I haven't tried giving everyone their own static IP yet; we're roommates in a largish house and it can be tough to track everyone down to troubleshoot it, aside from "yeah my internet's been kinda flaky, too."

I suppose if the firmware doesn't solve things, trying folks on static IPs should be the next step.
posted by Yelling At Nothing at 10:20 PM on August 14, 2007

"... I suppose if the firmware doesn't solve things, trying folks on static IPs should be the next step."
posted by Yelling At Nothing at 1:20 AM on August 15 [+] [!]

Actually, if the firmware update doesn't solve the problem, I'd suggest logging into your modem's internal management Web interface (type into your browser address bar, within 45 seconds after power cycling your router and modem together). You'll probably find a log/status report page in the modem management interface pages, that will be recording various aspects of modem performance during its attempts to connect to the cable network, including error messages and retrys from errors. More important, you'll find a page that list the current upstream and downstream signal levels (in -dBm units) that your modem is getting from the cable system. Comcast technical support can read these, direct from your modem, too.

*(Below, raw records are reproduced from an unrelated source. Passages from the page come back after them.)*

(* If some cap C makes (vinit, 0) winning in the safety game on V x [0, C], the
   safety strategy wins Energy_LU(C), and such plays also satisfy AvgEnergy_L(C).
   Otherwise (vinit, 0) is unsafe for every cap.  From an unsafe state Player 1
   can force, within |V| L steps (an attractor on the finite set V x [0, L)),
   either negative energy or an unsafe state with energy at least L: outside the
   attractor Player 0 could stay in [0, L) forever or escape to safe states.
   Against a strategy winning AvgEnergy_L(t), Player 1 keeps raising L; since the
   energy drops by at most W per step, a peak 2 W Q makes the sum of the energy
   levels exceed Q^2, and for Q large compared with the elapsed time this
   contradicts the bound t on the averages. *)

From Pilot Require Import Defs.
From mathcomp Require Import all_boot all_order all_algebra zify.
From Stdlib Require Import Classical ClassicalEpsilon.
Set Implicit Arguments. Unset Strict Implicit. Unset Printing Implicit Defensive.
Import Order.TTheory GRing.Theory Num.Theory.

Definition asbool (P : Prop) : bool :=
  if excluded_middle_informative P then true else false.

Lemma asboolP (P : Prop) : reflect P (asbool P).
Proof. by rewrite /asbool; case: excluded_middle_informative => h; constructor. Qed.

Lemma chain_stabilizes (T : finType) (B : nat -> {set T}) :
  (forall k, B k \subset B k.+1) -> exists2 k, (k <= #|T|)%N & B k.+1 = B k.
Proof.
move=> incB; have [/existsP [k /eqP eqB] | /existsP noeq] :=
  boolP [exists k : 'I_#|T|.+1, B k.+1 == B k].
  by exists k => //; rewrite -ltnS.
have growB k : (k <= #|T|.+1)%N -> (k <= #|B k|)%N.
  elim: k => [|k IH] // ltkT; apply: leq_ltn_trans (IH (ltnW ltkT)) _.
  apply: proper_card; rewrite properEneq incB andbT eq_sym.
  by apply/negP => eqB; apply: noeq; exists (Ordinal ltkT).
by have := leq_trans (growB _ (leqnn _)) (max_card _); rewrite ltnn.
Qed.

Lemma exists_uniform_bound (I : finType) (P : I -> nat -> Prop) :
  (forall i C C', (C <= C')%N -> P i C -> P i C') ->
  (forall i, exists C, P i C) -> exists C, forall i, P i C.
Proof.
move=> monoP exP; pose C i := proj1_sig (constructive_indefinite_description _ (exP i)).
exists (\max_i C i) => i; apply: (monoP i (C i)); first exact: leq_bigmax.
exact: proj2_sig (constructive_indefinite_description _ (exP i)).
Qed.

Local Open Scope ring_scope.

Lemma sum_ge_of_peak (f : nat -> int) (T Q W : nat) :
  f 0%N = 0 -> (forall i, 0 <= f i) -> (forall i, f i.+1 <= f i + W%:Z) -> (0 < W)%N ->
  (2 * W * Q)%N%:Z <= f T -> (Q * Q.+1)%N%:Z <= \sum_(i < T.+1) f i.
Proof.
move=> f0 f_ge0 f_step W_gt0 f_peak.
have back j : (j <= T)%N -> f T - (j * W)%N%:Z <= f (T - j)%N.
  elim: j => [|j IH] lt_jT; first by rewrite subn0 mul0n subr0.
  have := f_step (T - j.+1)%N; rewrite subnSK // mulSn.
  by have := IH (ltnW lt_jT); lia.
have le_QT : (Q <= T)%N.
  have := back T (leqnn T); rewrite subnn f0; nia.
have ge_Q j : (j <= Q)%N -> Q%:Z <= f (T - j)%N.
  move=> le_jQ; have := back j (leq_trans le_jQ le_QT).
  have : (j * W <= Q * W)%N by rewrite leq_mul2r le_jQ orbT.
  have : (Q <= W * Q)%N by rewrite leq_pmull.
  lia.
rewrite -(big_mkord xpredT) (big_cat_nat (leq0n (T - Q))) ?leqW ?leq_subr //=.
apply: ler_wpDl; first by apply: sumr_ge0 => i _.
apply: le_trans (ler_sum_nat (F := fun=> Q%:Z) _).
  by rewrite sumr_const_nat subSn ?leq_subr // subKn // -mulr_natr natz PoszM.
move=> i /andP [le_i lt_i]; have := ge_Q (T - i)%N; rewrite subKn //.
by apply; lia.
Qed.

Section EnergyGames.
Variable A : arena.
Variable w : vert A -> vert A -> int.
Local Notation V := (vert A).

Definition ELseq (h : seq V) : int :=
  \sum_(i < (size h).-1) w (nth (vinit A) h i) (nth (vinit A) h i.+1).

Lemma size_prefix (p : nat -> V) n : size (Defs.prefix p n) = n.
Proof. by rewrite /Defs.prefix size_map size_iota. Qed.

Lemma prefixS (p : nat -> V) n : Defs.prefix p n.+1 = rcons (Defs.prefix p n) (p n).
Proof. by rewrite /Defs.prefix -addn1 iotaD map_cat cats1. Qed.

Lemma nth_prefix (p : nat -> V) n i : (i < n)%N -> nth (vinit A) (Defs.prefix p n) i = p i.
Proof. by move=> ltin; rewrite /Defs.prefix (nth_map 0%N) ?size_iota // nth_iota. Qed.

Lemma ELseq_prefix (p : nat -> V) n : ELseq (Defs.prefix p n.+1) = EL w p n.
Proof.
rewrite /ELseq size_prefix; apply: eq_bigr => i _.
by rewrite !nth_prefix // ltnS // ltnW.
Qed.

Lemma EL0 (p : nat -> V) : EL w p 0 = 0.
Proof. by rewrite /EL big_ord0. Qed.

Lemma ELS (p : nat -> V) n : EL w p n.+1 = EL w p n + w (p n) (p n.+1).
Proof. by rewrite /EL big_ord_recr. Qed.

Lemma EnergyLU_AvgEnergyL (cap : nat) p : EnergyLU w cap p -> AvgEnergyL w cap p.
Proof.
move=> boundedp; split=> [n|eps eps_gt0]; first by case/andP: (boundedp n).
exists 0%N => -[|n] _; first by rewrite /avgEL invr0 mulr0 addr_ge0 // ltW.
rewrite /avgEL ler_pdivrMr ?ltr0n //.
apply: (@le_trans _ _ (cap%:R * n.+1%:R)); last by rewrite ler_pM2r ?ltr0n // lerDl ltW.
have : \sum_(i < n.+1) EL w p i <= \sum_(i < n.+1) cap%:Z.
  by apply: ler_sum => i _; case/andP: (boundedp i).
rewrite sumr_const card_ord -(ler_int rat) => /le_trans; apply.
by rewrite rmorphMn /= mulr_natr.
Qed.

Definition in_range (C : nat) (e : int) := (0 <= e <= C%:Z).

Definition cpre0 (C : nat) (X : V -> int -> Prop) (v : V) (e : int) : Prop :=
  in_range C e /\
  (if v \in V0 A then exists2 u, edge A v u & X u (e + w v u)
   else forall u, edge A v u -> X u (e + w v u)).

Definition safe (C : nat) (v : V) (e : int) : Prop :=
  exists2 X : V -> int -> Prop, (forall v e, X v e -> cpre0 C X v e) & X v e.

Lemma cpre0_mono C (X Y : V -> int -> Prop) v e :
  (forall v e, X v e -> Y v e) -> cpre0 C X v e -> cpre0 C Y v e.
Proof.
move=> subXY [rng_e step]; split=> //; case: (v \in V0 A) step => [[u vu Xu]|allX].
  by exists u; last exact: subXY.
by move=> u vu; apply/subXY/allX.
Qed.

Lemma safe_cpre0 C v e : safe C v e -> cpre0 C (safe C) v e.
Proof.
case=> X postX Xv; apply: (cpre0_mono (X := X)); last exact: postX.
by move=> u f Xu; exists X.
Qed.

Lemma safe_le C C' v e : (C <= C')%N -> safe C v e -> safe C' v e.
Proof.
move=> leCC' [X postX Xv]; exists X => // u f /postX [/andP [ge0 leC] step].
by split=> //; rewrite /in_range ge0 (le_trans leC) ?lez_nat.
Qed.

Definition choose_edge (v : V) (Q : V -> Prop) : V :=
  epsilon (inhabits v) (fun u => edge A v u /\ ((exists2 u', edge A v u' & Q u') -> Q u)).

Lemma choose_edgeP v Q :
  edge A v (choose_edge v Q) /\ ((exists2 u, edge A v u & Q u) -> Q (choose_edge v Q)).
Proof.
apply: (epsilon_spec (inhabits v) (fun u => edge A v u /\ ((exists2 u', edge A v u' & Q u') -> Q u))).
have [u vu] := edge_total v.
case: (excluded_middle_informative (exists2 u, edge A v u & Q u)) => [[u' vu' Qu']|noQ].
  by exists u'.
by exists u; split=> // exQ; case: noQ.
Qed.

Definition safe_strategy (C : nat) (x : seq V) (v : V) : V :=
  choose_edge v (fun u => safe C u (ELseq (rcons x v) + w v u)).

Lemma safe_wins0 C : safe C (vinit A) 0 -> wins0 (EnergyLU w C).
Proof.
move=> safe0; exists (safe_strategy C); split.
  by move=> x v _; case: (choose_edgeP v (fun u => safe C u (ELseq (rcons x v) + w v u))).
move=> p [p0 pE] consp.
suff safep n : safe C (p n) (EL w p n) by move=> n; case: (safe_cpre0 (safep n)).
elim: n => [|n IH]; first by rewrite EL0 p0.
have [_] := safe_cpre0 IH; rewrite ELS.
move: (consp n); rewrite /owned_by; case: (p n \in V0 A) => [-> // [u pu safeu]|].
  rewrite /safe_strategy -prefixS ELseq_prefix.
  have [_] := choose_edgeP (p n) (fun u => safe C u (EL w p n + w (p n) u)).
  by apply; exists u.
by move=> _; apply.
Qed.

Definition unsafe (v : V) (e : int) : Prop := forall C, ~ safe C v e.

Definition target (L : int) (v : V) (e : int) : Prop := e < 0 \/ L <= e /\ unsafe v e.

Definition attr_step (L : int) (X : V -> int -> Prop) (v : V) (e : int) : Prop :=
  target L v e \/
  0 <= e < L /\ (if v \in V0 A then forall u, edge A v u -> X u (e + w v u)
                 else exists2 u, edge A v u & X u (e + w v u)).

Definition attr (L : int) (k : nat) : V -> int -> Prop := iter k (attr_step L) (target L).

Lemma attr_step_mono L (X Y : V -> int -> Prop) v e :
  (forall v e, X v e -> Y v e) -> attr_step L X v e -> attr_step L Y v e.
Proof.
move=> subXY [tgt|[rng step]]; [by left | right; split=> //].
case: (v \in V0 A) step => [allX u vu|[u vu Xu]]; first exact/subXY/allX.
by exists u; last exact: subXY.
Qed.

Lemma target_attr L k v e : target L v e -> attr L k v e.
Proof. by case: k => [|k] tgt //; left. Qed.

Lemma attrS L k v e : attr L k v e -> attr L k.+1 v e.
Proof.
elim: k v e => [|k IH] v e; first by left.
exact: attr_step_mono.
Qed.

Lemma attr_stationary L k : (forall v e, attr L k.+1 v e -> attr L k v e) ->
  forall j, (k <= j)%N -> forall v e, attr L j.+1 v e -> attr L j v e.
Proof.
move=> fixk; elim=> [|j IH]; first by rewrite leqn0 => /eqP <-.
rewrite leq_eqVlt => /orP [/eqP <- //|/IH{}IH] v e.
exact: attr_step_mono.
Qed.

Definition attr_bound (L : int) : nat := (#|V| * `|L|)%N.

Lemma attr_stable L v e : attr L (attr_bound L).+1 v e -> attr L (attr_bound L) v e.
Proof.
pose B k := [set s : V * 'I_`|L| | asbool (attr L k s.1 (s.2 : nat)%:Z)].
have incB k : B k \subset B k.+1.
  by apply/subsetP => s; rewrite !inE => /asboolP/attrS/asboolP.
have [k le_k_card eqB] := chain_stabilizes incB.
apply: (attr_stationary (k := k)); last by rewrite card_prod card_ord in le_k_card.
move=> u f attr_uf; case: (attr_uf) => [/target_attr //|[/andP [f_ge0 f_ltL] _]].
have ltn_f : (`|f| < `|L|)%N by lia.
have : (u, Ordinal ltn_f) \in B k.+1 by rewrite inE /= gez0_abs //; apply/asboolP.
by rewrite eqB inE /= gez0_abs // => /asboolP.
Qed.

Definition wmax : nat := \max_(q : V * V) `|w q.1 q.2|%N.

Lemma w_bounds u x : - wmax%:Z <= w u x <= wmax%:Z.
Proof.
have : (`|w u x| <= wmax)%N.
  exact: (leq_bigmax (F := fun q : V * V => `|w q.1 q.2|%N) (u, x)).
by rewrite -lez_nat -ler_norml.
Qed.

Section Attractor.
Variable L : int.
Local Notation attrL := (attr L (attr_bound L)).
Variable C : nat.
Hypothesis safe_above : forall q : V * 'I_wmax.+1,
  unsafe q.1 (L + (q.2 : nat)%:Z) \/ safe C q.1 (L + (q.2 : nat)%:Z).

Let Cs := maxn C `|L|.

Let escape (u : V) (f : int) : Prop := (0 <= f < L /\ ~ attrL u f) \/ safe Cs u f.

Let escape_of_not_attr x f : f <= L + wmax%:Z -> ~ attrL x f -> escape x f.
Proof.
move=> le_f not_attr; have not_target : ~ target L x f by move/(target_attr (attr_bound L)).
have f_ge0 : 0 <= f by rewrite leNgt; apply/negP => f_lt0; apply: not_target; left.
have [f_ltL|L_lef] := ltP f L; first by left; rewrite f_ge0 f_ltL.
have ltn_fL : (`|f - L| < wmax.+1)%N by lia.
case: (safe_above (x, Ordinal ltn_fL)) => /=; rewrite gez0_abs ?subr_ge0 // [L + _]addrC subrK.
  by move=> unsafe_xf; case: not_target; right.
by move=> safe_xf; right; apply: safe_le safe_xf; apply: leq_maxl.
Qed.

If the signal levels are not within tight limits, your modem is going to be dropping out intermittently, and possibly pretty frequently. There is nothing you can do directly about this, except to report the problem to Comcast, and have a service tech come out and rectify the problem with adjustements to line amplifiers out on the street, or by solving wiring and signal distribution problems on your premises. The only reason to recommend that you log in to the modem yourself, and examine the error logs, is that sometimes, Comcast pushes a software update to it's modems, that the modems don't take, and you can see this in the status log your modem maintains. If that is what's happening, Comcast will need to give you a new modem.

Most often, such problems are caused by people around you adding or changing their cable services, creating more or less loading on your segment of the cable system, or injecting unwanted local signal feedback into the cable network infrastructure, from poor consumer equipment, or unshielded connections.
posted by paulsc at 10:36 PM on August 14, 2007

I had a linksys router fail in a similar way once, but when I improved the ventilation to the box it got better.
posted by BrotherCaine at 1:09 AM on August 15, 2007

I don't understand why you'd be using DHCP Relay to connect a home LAN to a WAN. I would have thought that your router should be the only device visible to your ISP, and that your router should be doing NAT between your ISP and your LAN, and should therefore be handing out LAN IP addresses with its own DHCP server rather than relaying DHCP from the ISP side.

If a firmware update designed to fix a DHCP Relay bug fixes your issue, you might care to check that your router hasn't been configured with its NAT brains turned off.
posted by flabdablet at 2:19 AM on August 15, 2007

Try to use an alternative firmware as Tomato, Linksys firmware is bad
posted by zouhair at 3:42 PM on August 15, 2007

Just to pop back in and update, the new firmware seems to have fixed things. I'll take a look at the router settings when I get a chance, but for now I'm happy I don't have to deal with Comcast replacing it.